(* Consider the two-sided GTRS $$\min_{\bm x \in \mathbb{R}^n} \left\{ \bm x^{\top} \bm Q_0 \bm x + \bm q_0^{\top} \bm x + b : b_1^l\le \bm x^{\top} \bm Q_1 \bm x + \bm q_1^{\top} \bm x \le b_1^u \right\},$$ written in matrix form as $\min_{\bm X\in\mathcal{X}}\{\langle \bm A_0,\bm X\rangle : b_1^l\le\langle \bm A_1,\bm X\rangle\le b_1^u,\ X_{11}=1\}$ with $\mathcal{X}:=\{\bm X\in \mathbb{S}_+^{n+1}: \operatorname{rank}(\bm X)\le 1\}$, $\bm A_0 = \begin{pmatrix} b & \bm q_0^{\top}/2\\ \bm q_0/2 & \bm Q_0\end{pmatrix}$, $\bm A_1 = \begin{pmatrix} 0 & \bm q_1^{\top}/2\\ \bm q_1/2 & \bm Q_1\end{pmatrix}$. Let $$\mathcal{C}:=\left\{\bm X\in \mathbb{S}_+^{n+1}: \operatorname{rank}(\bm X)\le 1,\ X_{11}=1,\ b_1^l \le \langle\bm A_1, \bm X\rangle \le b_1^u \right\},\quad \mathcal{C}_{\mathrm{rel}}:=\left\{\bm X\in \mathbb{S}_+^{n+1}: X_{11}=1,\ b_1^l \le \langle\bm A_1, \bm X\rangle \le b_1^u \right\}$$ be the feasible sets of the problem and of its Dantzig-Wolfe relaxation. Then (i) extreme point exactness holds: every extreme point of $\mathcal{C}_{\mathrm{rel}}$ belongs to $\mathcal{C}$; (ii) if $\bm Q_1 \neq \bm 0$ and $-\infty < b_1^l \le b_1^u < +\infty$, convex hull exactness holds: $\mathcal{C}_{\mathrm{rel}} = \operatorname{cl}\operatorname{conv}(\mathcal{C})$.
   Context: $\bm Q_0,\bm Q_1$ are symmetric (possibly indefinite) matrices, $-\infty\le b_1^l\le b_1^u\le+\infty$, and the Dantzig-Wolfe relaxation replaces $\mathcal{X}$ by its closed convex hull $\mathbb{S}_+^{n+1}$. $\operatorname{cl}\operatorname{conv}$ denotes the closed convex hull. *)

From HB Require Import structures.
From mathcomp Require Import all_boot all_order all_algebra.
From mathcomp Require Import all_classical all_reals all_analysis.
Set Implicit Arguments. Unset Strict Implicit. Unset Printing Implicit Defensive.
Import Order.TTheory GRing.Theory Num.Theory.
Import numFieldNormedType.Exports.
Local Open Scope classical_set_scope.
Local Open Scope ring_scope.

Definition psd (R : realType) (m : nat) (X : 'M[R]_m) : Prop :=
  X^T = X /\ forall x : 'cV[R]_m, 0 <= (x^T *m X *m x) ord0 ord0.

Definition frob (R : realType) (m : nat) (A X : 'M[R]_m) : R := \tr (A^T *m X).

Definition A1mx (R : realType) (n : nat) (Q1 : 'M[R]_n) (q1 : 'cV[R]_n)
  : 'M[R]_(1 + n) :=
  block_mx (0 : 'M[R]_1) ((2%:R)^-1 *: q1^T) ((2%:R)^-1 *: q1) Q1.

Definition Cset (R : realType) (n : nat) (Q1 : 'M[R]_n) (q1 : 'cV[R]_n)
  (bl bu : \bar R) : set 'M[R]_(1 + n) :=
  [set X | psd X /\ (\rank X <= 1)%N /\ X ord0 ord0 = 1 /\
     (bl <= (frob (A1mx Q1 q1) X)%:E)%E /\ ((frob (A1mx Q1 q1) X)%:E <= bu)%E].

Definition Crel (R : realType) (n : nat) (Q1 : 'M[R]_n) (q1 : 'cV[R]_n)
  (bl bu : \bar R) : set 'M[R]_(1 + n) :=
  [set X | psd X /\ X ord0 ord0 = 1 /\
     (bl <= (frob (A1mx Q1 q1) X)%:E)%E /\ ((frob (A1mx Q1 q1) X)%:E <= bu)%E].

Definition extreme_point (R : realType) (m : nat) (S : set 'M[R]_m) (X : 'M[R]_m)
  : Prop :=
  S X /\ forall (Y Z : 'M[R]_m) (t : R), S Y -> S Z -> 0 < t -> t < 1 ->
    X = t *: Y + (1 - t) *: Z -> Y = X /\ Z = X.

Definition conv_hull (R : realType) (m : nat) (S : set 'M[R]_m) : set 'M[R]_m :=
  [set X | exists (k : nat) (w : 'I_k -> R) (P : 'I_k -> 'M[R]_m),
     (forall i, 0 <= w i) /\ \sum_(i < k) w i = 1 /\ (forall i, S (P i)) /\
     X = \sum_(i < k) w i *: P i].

┄┄┄┄┄┄┄┄┄┄┄┄┄┄┄┄┄┄┄┄

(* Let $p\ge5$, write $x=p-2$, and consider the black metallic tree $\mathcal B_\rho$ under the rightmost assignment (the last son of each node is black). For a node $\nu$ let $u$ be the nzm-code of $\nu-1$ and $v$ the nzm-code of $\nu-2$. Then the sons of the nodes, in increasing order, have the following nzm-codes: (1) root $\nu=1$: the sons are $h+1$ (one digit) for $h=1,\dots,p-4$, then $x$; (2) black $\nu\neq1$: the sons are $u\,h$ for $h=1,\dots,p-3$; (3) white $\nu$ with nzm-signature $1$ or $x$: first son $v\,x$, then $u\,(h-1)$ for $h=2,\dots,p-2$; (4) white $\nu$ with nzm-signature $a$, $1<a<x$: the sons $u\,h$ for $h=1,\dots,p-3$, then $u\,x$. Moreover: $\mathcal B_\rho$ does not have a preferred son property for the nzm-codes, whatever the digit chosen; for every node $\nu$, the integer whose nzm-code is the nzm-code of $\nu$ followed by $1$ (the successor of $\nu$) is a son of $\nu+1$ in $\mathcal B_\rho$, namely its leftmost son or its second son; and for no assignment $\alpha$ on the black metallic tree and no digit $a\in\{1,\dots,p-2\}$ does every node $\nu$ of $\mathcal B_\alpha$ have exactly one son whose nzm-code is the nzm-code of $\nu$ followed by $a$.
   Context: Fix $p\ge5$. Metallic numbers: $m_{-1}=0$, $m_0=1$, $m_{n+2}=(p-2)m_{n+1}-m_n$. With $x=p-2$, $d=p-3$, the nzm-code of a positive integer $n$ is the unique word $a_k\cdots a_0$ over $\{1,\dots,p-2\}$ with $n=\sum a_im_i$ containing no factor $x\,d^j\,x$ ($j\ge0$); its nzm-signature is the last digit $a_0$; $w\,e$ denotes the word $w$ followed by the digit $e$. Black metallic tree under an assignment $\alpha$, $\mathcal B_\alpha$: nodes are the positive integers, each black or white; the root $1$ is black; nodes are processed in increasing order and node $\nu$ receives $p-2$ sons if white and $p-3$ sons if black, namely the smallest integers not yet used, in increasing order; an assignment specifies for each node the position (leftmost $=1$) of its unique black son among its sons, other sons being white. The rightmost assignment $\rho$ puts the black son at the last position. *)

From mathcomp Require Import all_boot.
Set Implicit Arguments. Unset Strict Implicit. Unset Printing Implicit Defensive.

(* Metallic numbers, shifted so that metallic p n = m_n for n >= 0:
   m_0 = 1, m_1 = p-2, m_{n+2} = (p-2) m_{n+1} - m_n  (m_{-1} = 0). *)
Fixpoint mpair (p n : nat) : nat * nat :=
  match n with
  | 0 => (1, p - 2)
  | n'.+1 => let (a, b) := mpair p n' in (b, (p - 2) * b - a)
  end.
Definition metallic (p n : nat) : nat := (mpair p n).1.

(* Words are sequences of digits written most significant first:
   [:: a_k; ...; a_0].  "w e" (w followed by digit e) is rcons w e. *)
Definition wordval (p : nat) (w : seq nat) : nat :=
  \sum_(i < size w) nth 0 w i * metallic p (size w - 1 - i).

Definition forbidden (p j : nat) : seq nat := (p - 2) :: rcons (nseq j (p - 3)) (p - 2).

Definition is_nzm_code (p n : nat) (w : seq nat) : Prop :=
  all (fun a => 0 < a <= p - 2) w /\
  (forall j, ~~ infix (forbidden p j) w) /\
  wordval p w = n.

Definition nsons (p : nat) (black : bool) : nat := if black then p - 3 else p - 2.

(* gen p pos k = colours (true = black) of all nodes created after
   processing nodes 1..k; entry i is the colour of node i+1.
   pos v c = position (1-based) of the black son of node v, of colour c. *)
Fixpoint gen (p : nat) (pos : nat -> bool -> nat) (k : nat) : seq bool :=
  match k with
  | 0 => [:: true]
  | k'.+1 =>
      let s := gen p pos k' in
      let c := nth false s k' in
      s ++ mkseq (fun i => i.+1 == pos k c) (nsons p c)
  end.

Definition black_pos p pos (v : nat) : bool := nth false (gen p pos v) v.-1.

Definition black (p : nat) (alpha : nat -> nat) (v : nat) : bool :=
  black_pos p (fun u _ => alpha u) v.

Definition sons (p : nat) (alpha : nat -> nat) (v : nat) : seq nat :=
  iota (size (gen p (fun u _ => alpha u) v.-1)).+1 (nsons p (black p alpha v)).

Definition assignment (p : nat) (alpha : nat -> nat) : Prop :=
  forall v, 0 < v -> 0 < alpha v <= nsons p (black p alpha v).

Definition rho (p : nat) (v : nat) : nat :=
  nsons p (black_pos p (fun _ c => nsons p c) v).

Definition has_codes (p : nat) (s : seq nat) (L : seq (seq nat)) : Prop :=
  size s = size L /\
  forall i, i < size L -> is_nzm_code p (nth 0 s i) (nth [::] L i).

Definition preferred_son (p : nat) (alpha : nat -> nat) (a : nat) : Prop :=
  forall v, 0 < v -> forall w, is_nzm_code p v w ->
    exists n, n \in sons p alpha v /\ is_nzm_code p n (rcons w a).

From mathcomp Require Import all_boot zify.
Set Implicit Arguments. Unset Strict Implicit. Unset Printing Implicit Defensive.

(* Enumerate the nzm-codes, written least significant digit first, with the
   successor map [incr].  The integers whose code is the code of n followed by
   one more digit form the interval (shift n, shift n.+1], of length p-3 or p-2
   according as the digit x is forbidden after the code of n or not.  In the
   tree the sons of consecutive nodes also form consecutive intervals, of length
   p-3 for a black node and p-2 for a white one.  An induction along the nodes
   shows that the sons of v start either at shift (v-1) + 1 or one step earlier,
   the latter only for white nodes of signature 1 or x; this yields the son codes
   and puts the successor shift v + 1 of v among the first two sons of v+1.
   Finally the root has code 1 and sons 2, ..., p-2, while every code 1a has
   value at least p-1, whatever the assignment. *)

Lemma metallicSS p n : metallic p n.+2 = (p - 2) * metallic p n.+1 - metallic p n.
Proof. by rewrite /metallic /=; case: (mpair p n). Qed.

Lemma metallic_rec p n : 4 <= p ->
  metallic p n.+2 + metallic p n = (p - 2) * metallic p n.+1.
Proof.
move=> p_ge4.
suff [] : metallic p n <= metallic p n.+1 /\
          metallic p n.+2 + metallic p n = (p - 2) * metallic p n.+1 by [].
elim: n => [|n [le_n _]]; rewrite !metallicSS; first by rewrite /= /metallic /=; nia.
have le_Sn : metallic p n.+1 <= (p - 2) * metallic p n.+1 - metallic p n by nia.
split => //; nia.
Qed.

┄┄┄┄┄┄┄┄┄┄┄┄┄┄┄┄┄┄┄┄

__WHAT THIS TASK INVOLVES__: List every line above containing the word "least".

__REPLY TO THE TASK__:
(* Enumerate the nzm-codes, written least significant digit first, with the
   value at least p-1, whatever the assignment. *)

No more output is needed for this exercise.